El 8 de junio de 2007 el Juzgado Promiscuo Municipal de Santa Rosa de Viterbo impartió legalidad a la captura del mencionado funcionario judicial, en la misma oportunidad se adelantó la formulación de imputación y le fue impuesta a instancia de la Fiscalía medida de aseguramiento. Ulteriormente el imputado celebró preacuerdo con el ente acusador, el cual fue aprobado el 9 de octubre siguiente por una Sala del Tribunal de Santa Rosa de Viterbo, en la cual fungió como Magistrado el doctor Montoya Sepúlveda, motivo por el cual se profirió el correspondiente fallo de condena el 12 de febrero de 2008.
No obstante, mediante proveído del 14 de mayo de 2009, esta Sala de Casación anuló la actuación, la cual fue rehecha, trámite en curso del cual el 6 de julio del año en curso se presentó el escrito de acusación por los referidos delitos. Dado que el asunto correspondió por reparto al Magistrado Eurípides Montoya Sepúlveda, éste se declaró impedido el 24 de septiembre de 2009.

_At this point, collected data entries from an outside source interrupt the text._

Lemma finite_bound (f : nat -> R) (n : nat) : exists M, forall k, (k < n)%nat -> f k <= M.
Proof.
  induction n as [|n [M HM]]; [exists 0; intros; lia|].
  exists (Rmax M (f n)); intros k Hk.
  destruct (Nat.eq_dec k n) as [->|Hkn]; [apply Rmax_r|].
  eapply Rle_trans; [apply HM; lia | apply Rmax_l].
Qed.

Lemma CV_radius_ge_of_eventually_decreasing (c : nat -> R) (r : R) (N : nat) :
  (forall n, 0 < c n) -> 0 < r -> (forall n, (N <= n)%nat -> c (S n) * r <= c n) ->
  Rbar_le r (CV_radius c).
Proof.
  intros Hc Hr Hdecr.
  set (u := fun n => c n * r ^ n).
  assert (Hu : forall n, 0 <= u n)
    by (intros n; left; apply Rmult_lt_0_compat; [apply Hc | now apply pow_lt]).
  assert (Htail : forall k, u (N + k)%nat <= u N).
  { induction k as [|k IH]; [rewrite Nat.add_0_r; lra|].
    rewrite Nat.add_succ_r; eapply Rle_trans; [|exact IH]; unfold u; simpl.
    assert (0 < r ^ (N + k)) by now apply pow_lt.
    specialize (Hdecr (N + k)%nat ltac:(lia)).
    replace (c (S (N + k)) * (r * r ^ (N + k))) with (c (S (N + k)) * r * r ^ (N + k)) by ring.
    apply Rmult_le_compat_r; lra. }
  destruct (finite_bound u N) as [M HM].
  apply (proj1 (CV_radius_bounded c)); exists (Rmax M (u N)); intros n.
  rewrite Rabs_pos_eq by apply Hu.
  destruct (Compare_dec.le_lt_dec N n) as [HNn | HnN].
  - replace n with (N + (n - N))%nat by lia.
    eapply Rle_trans; [apply Htail | apply Rmax_r].
  - eapply Rle_trans; [apply HM, HnN | apply Rmax_l].
Qed.
(* Let $C,w,n_{\max}>0$ and $\epsilon\in(0,10^{-3})$. There is $R_2>0$ depending on $C,w,n_{\max}$ such that if $I$ is an interval of length $R\ge R_2$ the following holds. Suppose $\mathcal{P}=\{J_1,\dots,J_{n_0},J^{(1)}_1,\dots,J^{(1)}_{n_1},\dots,J^{(m)}_1,\dots,J^{(m)}_{n_m}\}$ is a partition of $I$ into intervals with disjoint interiors, with $n_i\le n_{\max}$ for all $i\ge1$, and let $\mathcal{P}_b=\{J^{(p)}_i:1\le p\le m,1\le i\le n_p\}$. Suppose (1) $\sum_{J\in\mathcal{P}_b}l(J)\ge(1-\epsilon)R$; and (2) for any $J^{(p)}_i,J^{(q)}_j\in\mathcal{P}_b$ with $p\ne q$, $$d(J^{(p)}_i,J^{(q)}_j)\ge\max\Big(R_2,\;C\min\big(l(J^{(p)}_i),l(J^{(q)}_j)\big)^{1+w}\Big).$$ Then there exists $J^{(j_0)}_{i_0}\in\mathcal{P}_b$ with $l(J^{(j_0)}_{i_0})\ge\frac{1}{32n_{\max}}R$ and $\sum_{i=1}^{n_{j_0}}l(J^{(j_0)}_i)\ge\frac34R$.
   Context: $l(J)$ is the length of the interval $J$, and $d(J,J')$ is the distance between two disjoint intervals (the infimum of $|s-t|$, $s\in J$, $t\in J'$). *)

From Stdlib Require Import Reals.
Open Scope R_scope.

(* A (compact) interval [a,b] of the real line, represented by its endpoints
   (fst = left endpoint a, snd = right endpoint b), with a <= b required
   separately where used. *)
Definition interval := (R * R)%type.

Definition wf_interval (J : interval) : Prop := fst J <= snd J.

Definition len (J : interval) : R := snd J - fst J.

Definition mem (x : R) (J : interval) : Prop := fst J <= x <= snd J.

Definition mem_int (x : R) (J : interval) : Prop := fst J < x < snd J.

(* d(J,J') = inf { |s - t| : s in J, t in J' } for J, J' nonempty compact
   intervals; written out explicitly. *)
Definition idist (J J' : interval) : R :=
  Rmax 0 (Rmax (fst J' - snd J) (fst J - snd J')).

Fixpoint sumR (n : nat) (f : nat -> R) : R :=
  match n with
  | O => 0
  | S k => sumR k f + f k
  end.

(* Indices of the members of the partition P:
   Free i  stands for J_{i+1}          (0 <= i < n0),
   Bad p i stands for J^{(p+1)}_{i+1}  (0 <= p < m, 0 <= i < n_{p+1}). *)
Inductive pidx : Type :=
| Free (i : nat)
| Bad (p i : nat).

Definition valid_idx (n0 m : nat) (n : nat -> nat) (k : pidx) : Prop :=
  match k with
  | Free i => (i < n0)%nat
  | Bad p i => (p < m)%nat /\ (i < n p)%nat
  end.

Definition get (J0 : nat -> interval) (Jb : nat -> nat -> interval)
  (k : pidx) : interval :=
  match k with
  | Free i => J0 i
  | Bad p i => Jb p i
  end.

Definition is_partition (I : interval) (n0 m : nat) (n : nat -> nat)
  (J0 : nat -> interval) (Jb : nat -> nat -> interval) : Prop :=
  (forall k, valid_idx n0 m n k -> wf_interval (get J0 Jb k)) /\
  (forall x, mem x I <->
     exists k, valid_idx n0 m n k /\ mem x (get J0 Jb k)) /\
  (forall k k', valid_idx n0 m n k -> valid_idx n0 m n k' -> k <> k' ->
     forall x, ~ (mem_int x (get J0 Jb k) /\ mem_int x (get J0 Jb k'))).

(* x^y for x >= 0, y > 0, with the convention 0^y = 0 (Stdlib's Rpower
   would give Rpower 0 y = 1). *)
Definition rpow (x y : R) : R :=
  match Rle_dec x 0 with
  | left _ => 0
  | right _ => Rpower x y
  end.

From Stdlib Require Import Reals Lra Lia List Wf_nat.
Import ListNotations.
Open Scope R_scope.

(* Keep in each group its longest interval, and let A be the group whose
   longest interval is longest overall.  The representatives of the other
   groups lie in I and are R2-separated, so there are at most R/R2 of them;
   those longer than t are, together with the one of A, C t^(1+w)-separated,
   so there are at most R / (C t^(1+w)) of them.  Summing over the dyadic
   thresholds t = t0 2^j bounds the total length of the other representatives
   by t0 R/R2 + O(R / (C t0^w)); for suitable t0 and R2 the other groups thus
   carry at most R/5, so group A carries at least (4/5 - eps) R >= 3R/4, and
   its longest interval at least 3R/(4 nmax). *)

Fixpoint lsum (f : nat -> R) (l : list nat) : R :=
  match l with
  | [] => 0
  | x :: l' => f x + lsum f l'
  end.

Lemma lsum_app f l1 l2 : lsum f (l1 ++ l2) = lsum f l1 + lsum f l2.
Proof. induction l1; simpl; lra. Qed.

Lemma lsum_le f g l : (forall x, In x l -> f x <= g x) -> lsum f l <= lsum g l.
Proof.
  induction l as [|x l IH]; simpl; intros Hfg; [lra|].
  assert (f x <= g x) by auto.
  assert (lsum f l <= lsum g l) by (apply IH; auto).
  lra.
Qed.

Lemma lsum_plus f g l : lsum (fun x => f x + g x) l = lsum f l + lsum g l.
Proof. induction l; simpl; lra. Qed.

Lemma lsum_scal c f l : lsum (fun x => c * f x) l = c * lsum f l.
Proof. induction l; simpl; [ring | rewrite IHl; ring]. Qed.

Lemma lsum_const c l : lsum (fun _ => c) l = c * INR (length l).
Proof. induction l; cbn [lsum length]; [simpl; ring | rewrite S_INR; lra]. Qed.

Lemma lsum_indicator (g : nat -> bool) c l :
  lsum (fun x => if g x then c else 0) l = c * INR (length (filter g l)).
Proof.
  induction l as [|x l IH]; cbn [lsum filter]; [simpl; ring|].
  destruct (g x); cbn [length]; [rewrite S_INR|]; lra.
Qed.

Lemma lsum_filter_support (g : nat -> bool) f l :
  (forall x, In x l -> g x = false -> f x = 0) -> lsum f (filter g l) = lsum f l.
Proof.
  induction l as [|x l IH]; simpl; intros Hf; [reflexivity|].
  destruct (g x) eqn:Hg; simpl; rewrite IH by auto; [reflexivity|].
  rewrite (Hf x) by auto. ring.
Qed.

Lemma lsum_split_at f l a : NoDup l -> In a l ->
  lsum f l = f a + lsum f (filter (fun x => negb (Nat.eqb x a)) l).
Proof.
  induction l as [|x l IH]; simpl; intros Hnd Ha; [contradiction|].
  inversion Hnd as [|? ? Hx Hnd']; subst.
  destruct Ha as [<- | Ha].
  - rewrite Nat.eqb_refl. simpl. rewrite lsum_filter_support; [reflexivity|].
    intros y Hy Hneq. destruct (Nat.eqb_spec y x); [subst; contradiction | discriminate].
  - destruct (Nat.eqb_spec x a) as [<- | Hxa]; [contradiction|].
    simpl. rewrite (IH Hnd' Ha). ring.
Qed.

Lemma sumR_lsum m f : sumR m f = lsum f (seq 0 m).
Proof.
  induction m as [|m IH]; [reflexivity|].
  rewrite seq_S, lsum_app, <- IH. simpl. ring.
Qed.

Mediante auto del pasado 14 de octubre esta Sala declaró fundado el impedimento, en cuanto aquél conformó la Sala de Decisión Penal que el 12 de febrero de 2008 profirió fallo de condena en contra de RICARDO ANTONIO MARTÍNEZ CASTILLO, es decir, por haberse pronunciado de fondo y mediante una decisión transcendente respecto del asunto (numeral 6º del artículo 56 de la Ley 906 de 2004), motivo por el cual se decidió sustraer al referido Magistrado del conocimiento del asunto, “ sin que sea necesaria la designación de su reemplazo, toda vez que no se desintegra el quórum deliberatorio y decisorio de la Sala que integra el funcionario impedido, según se concluye de lo previsto en el artículo 54 de la Ley 270 de 1996 ”.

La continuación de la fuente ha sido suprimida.